Michele Montas said Wednesday the United Nations was "deeply concerned" by a report in a British newspaper alleging that U.N. personnel in Juba, the capital of southern Sudan, were involved in sexual exploitation and abuse and was trying to determine whether the allegations were new or involved existing cases already under investigation.

The Daily Telegraph, citing an internal report by the U.N. children’s agency along with interviews with more than 20 victims of the purported abuse, reported that the alleged abuse began two years ago when the U.N. Mission in Southern Sudan, known as UNMIS, arrived to help maintain peace in the region after a more than two-decade civil war.

"The first indications of sexual exploitation emerged within months of the U.N. force’s arrival and The Daily Telegraph has seen a draft of an internal report compiled by the U.N. children’s agency UNICEF in July 2005 detailing the problem," the paper reported on its Web site. "Evidence suggests that UNMIS staff may already be involved in sexual exploitation."

A 14-year-old boy identified only as Jonas told the newspaper "I was sitting by the river the first time it happened." A 13-year-old boy told the paper he was lured to a U.N. car with the offer of cash, abused and dumped by the side of a road.

Montas told reporters the UNICEF report "did not talk about sexual abuses from U.N. peacekeepers."

"They spoke about sexual abuses on the part of the Sudanese military," she said.

Nonetheless, Montas said, "the U.N. is very concerned about this issue and over and over again repeated its determination to end sexual abuse by peacekeepers."
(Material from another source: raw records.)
Theorem mainTheorem4 (m r1 : R) (hm : 0 < m) (hr1 : 3 * m < r1)
  (gam vel acc V : R -> coords)
  (hq_r : gam 1 1%nat = r1) (hq_th : gam 1 2%nat = PI / 2)
  (hgeo : is_geodesic_segment m gam vel acc)
  (hspace : 0 < ginner m (gam 0) (vel 0) (vel 0))
  (horth : ginner m (gam 0) (vel 0) (Ustat m (gam 0)) = 0)
  (hpar : is_parallel_along m gam vel V)
  (hV1 : forall a, (a < 4)%nat -> V 1 a = Ucirc m r1 a) :
  let v := vkin m (gam 0) (V 0) (Ustat m (gam 0)) in
  ginner m (gam 0) v v = m / (r1 - 2 * m).
Proof.
intros v.
assert (Hc := geodesic_curve m gam vel acc hgeo).
destruct (Hc 0 ltac:(lra)) as [[hr0 _] _].
assert (Hvel0 : vel 0 0%nat = 0).
{ rewrite ginner_Ustat_r in horth by assumption.
  assert (hsq := sqrt_lt_R0 _ (schw_factor_pos m _ hm hr0)). nra. }
assert (HU := Ustat_parallel m gam vel hm Hc
                (geodesic_static_slice m gam vel acc hm hgeo Hvel0)).
assert (HVV : ginner m (gam 0) (V 0) (V 0) = -1).
{ rewrite <- (ginner_parallel_const m gam vel V V hm Hc hpar hpar 1 ltac:(lra)).
  rewrite (ginner_ext m (gam 1) (V 1) (Ucirc m r1) (V 1) (Ucirc m r1)) by exact hV1.
  apply ginner_Ucirc_Ucirc; assumption. }
assert (HVU : ginner m (gam 0) (V 0) (Ustat m (gam 0)) = - sqrt ((r1 - 2 * m) / (r1 - 3 * m))).
{ assert (E := ginner_parallel_const m gam vel V _ hm Hc hpar HU 1 ltac:(lra)). cbv beta in E.
  rewrite <- E, (ginner_ext m (gam 1) (V 1) (Ucirc m r1) _ _ hV1 (fun _ _ => eq_refl)).
  apply ginner_Ucirc_Ustat; assumption. }
assert (hq : 0 < (r1 - 2 * m) / (r1 - 3 * m)) by (apply Rdiv_lt_0_compat; lra).
assert (hsq := sqrt_lt_R0 _ hq).
unfold v. rewrite (ginner_vkin_unit m (gam 0) (V 0) (Ustat m (gam 0)) HVV
                    (ginner_Ustat_Ustat m (gam 0) hm hr0) ltac:(rewrite HVU; lra)).
rewrite HVU, <- Rsqr_pow2, <- Rsqr_neg, Rsqr_sqrt by lra.
field. lra.
Qed.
"The U.N. standard on this issue is clear - zero tolerance, meaning zero complacency and zero impunity," she said.

The Office of Internal Oversight Services, the U.N.’s internal watchdog known as OIOS, has a team permanent based in Sudan, where over 11,000 peacekeepers, police and international civilian staff are based and it investigates all allegations of abuse. OIOS also has teams in Congo, Liberia and Haiti where the U.N. has other large peacekeeping operations.
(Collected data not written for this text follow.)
(* For all $n,k\in\mathbb Z$, $[x^ky^{n-k}](x+y)^n=\binom nk_{a,b;q,p}$. In particular, \[ (x+y)^n=\sum_{k\ge0}\binom nk_{a,b;q,p}x^ky^{n-k}\ \text{ in } \mathbb C_{a,b;q,p}[[x,y,y^{-1}]],\qquad (x+y)^n=\sum_{k\le n}\binom nk_{a,b;q,p}x^ky^{n-k}\ \text{ in } \mathbb C_{a,b;q,p}[[x,x^{-1},y]]. \]
   Context: Let $q,p\in\mathbb C$ with $|p|<1$. $\theta(x;p)=\prod_{j\ge0}(1-p^jx)(1-p^{j+1}/x)$, $\theta(x_1,\dots,x_\ell;p)=\prod_i\theta(x_i;p)$. Let $\mathbb E_{a,b;q,p}$ be the field of totally elliptic functions in $\log_qa,\log_qb$ (meromorphic, doubly periodic with equal periods $\sigma^{-1},\tau\sigma^{-1}$ where $q=e^{2\pi i\sigma},p=e^{2\pi i\tau}$). $\mathbb C_{a,b;q,p}[x,x^{-1},y,y^{-1}]$ is the associative unital $\mathbb C$-algebra generated by invertible $x,y$ and $\mathbb E_{a,b;q,p}$ (with $a,b$ commuting) subject to $x^{-1}x=xx^{-1}=1$, $y^{-1}y=yy^{-1}=1$, $yx=w_{a,b;q,p}(1,1)xy$, $xf(a,b)=f(aq,bq^2)x$, $yf(a,b)=f(aq^2,bq)y$ for all $f\in\mathbb E_{a,b;q,p}$; $\mathbb C_{a,b;q,p}[[x,y,y^{-1}]]$ and $\mathbb C_{a,b;q,p}[[x,x^{-1},y]]$ are the formal power series extensions (no negative powers of $x$, resp. of $y$), with $(x+y)^n$ for $n<0$ expanded as $((1+xy^{-1})y)^n$, resp. $(x(1+x^{-1}y))^n$. Here $w_{a,b;q,p}(s,t)=\frac{\theta(aq^{s+2t},bq^{2s+t-2},aq^{t-s-1}/b;p)}{\theta(aq^{s+2t-2},bq^{2s+t},aq^{t-s+1}/b;p)}q$, $W_{a,b;q,p}(s,t)=\prod_{j=1}^tw_{a,b;q,p}(s,j)$ with product convention $\prod_{j=l}^mA_j=A_l\cdots A_m$ ($m>l-1$), $1$ ($m=l-1$), $A_{l-1}^{-1}\cdots A_{m+1}^{-1}$ ($m<l-1$). The elliptic binomial coefficients $\binom nk_{a,b;q,p}$ are the unique family with $\binom n0=\binom nn=1$ and $\binom{n+1}k=\binom nk+\binom n{k-1}W_{a,b;q,p}(k,n+1-k)$ for $(n+1,k)\ne(0,0)$ (closed form $\frac{(q^{1+k},aq^{1+k},bq^{1+k},aq^{1-k}/b;q,p)_{n-k}}{(q,aq,bq^{1+2k},aq/b;q,p)_{n-k}}$, $(x;q,p)_r=\prod_{i=0}^{r-1}\theta(xq^i;p)$). Coefficient extraction: $[x^ky^{n-k}](x+y)^n$ is the coefficient of $x^ky^{n-k}$ (coefficient written on the left) in the first expansion if $k\ge0$ and in the second expansion if $k<0$. *)

From HB Require Import structures.
From mathcomp Require Import all_boot all_order all_algebra.
From mathcomp Require Import complex.
From mathcomp Require Import all_classical all_reals all_analysis.
From mathcomp Require Import Rstruct Rstruct_topology.
Import ComplexField.
Import Order.TTheory GRing.Theory Num.Theory.
Import numFieldTopology.Exports numFieldNormedType.Exports.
"Over the past year, as a result of U.N. investigations, four UNMIS peacekeepers have already been repatriated," Montas said. The nationalities of the peacekeepers were not released.

While allegations of abuse have dogged peacekeeping missions since their inception over 50 years ago, the issue was thrust into the spotlight after the United Nations found in early 2005 that peacekeepers in Congo had sex with Congolese women and girls, usually in exchange for food or small sums of money.

Jordan’s U.N. Ambassador Prince Zeid al Hussein wrote a report several months later that described the U.N. military arm as deeply flawed and recommended withholding the salaries of the guilty and requiring nations to pursue legal action against perpetrators. It said abuses had been reported in missions ranging from Bosnia and Kosovo to Cambodia, East Timor, West Africa and Congo.

The U.N. peacekeeping department instituted a new code of conduct for peacekeepers, new training for officers and all U.N. personnel, and reinforced messages against sexual abuse.

U.N. Assistant Secretary-General for Peacekeeping Jane Holl Lute said Tuesday night that the allegations could be true, but "these environments are ones in which it is difficult to ascertain the truth."

She said she has personally spoken to the force commander and chief of staff in the U.N. mission in southern Sudan "and I know they are very well briefed on what U.N. policy is and have taken steps to implement that policy across the board in that mission."

"But we don’t have the facts yet in this case, and we need to ascertain the facts and follow it through to appropriate resolution and take action if necessary," she said.

Lute, who served in the U.S. Army for 16 years, said vigilance on this matter has to be "a constant factor of life when you’re rotating through 200,000 troops in as diverse environments as we do."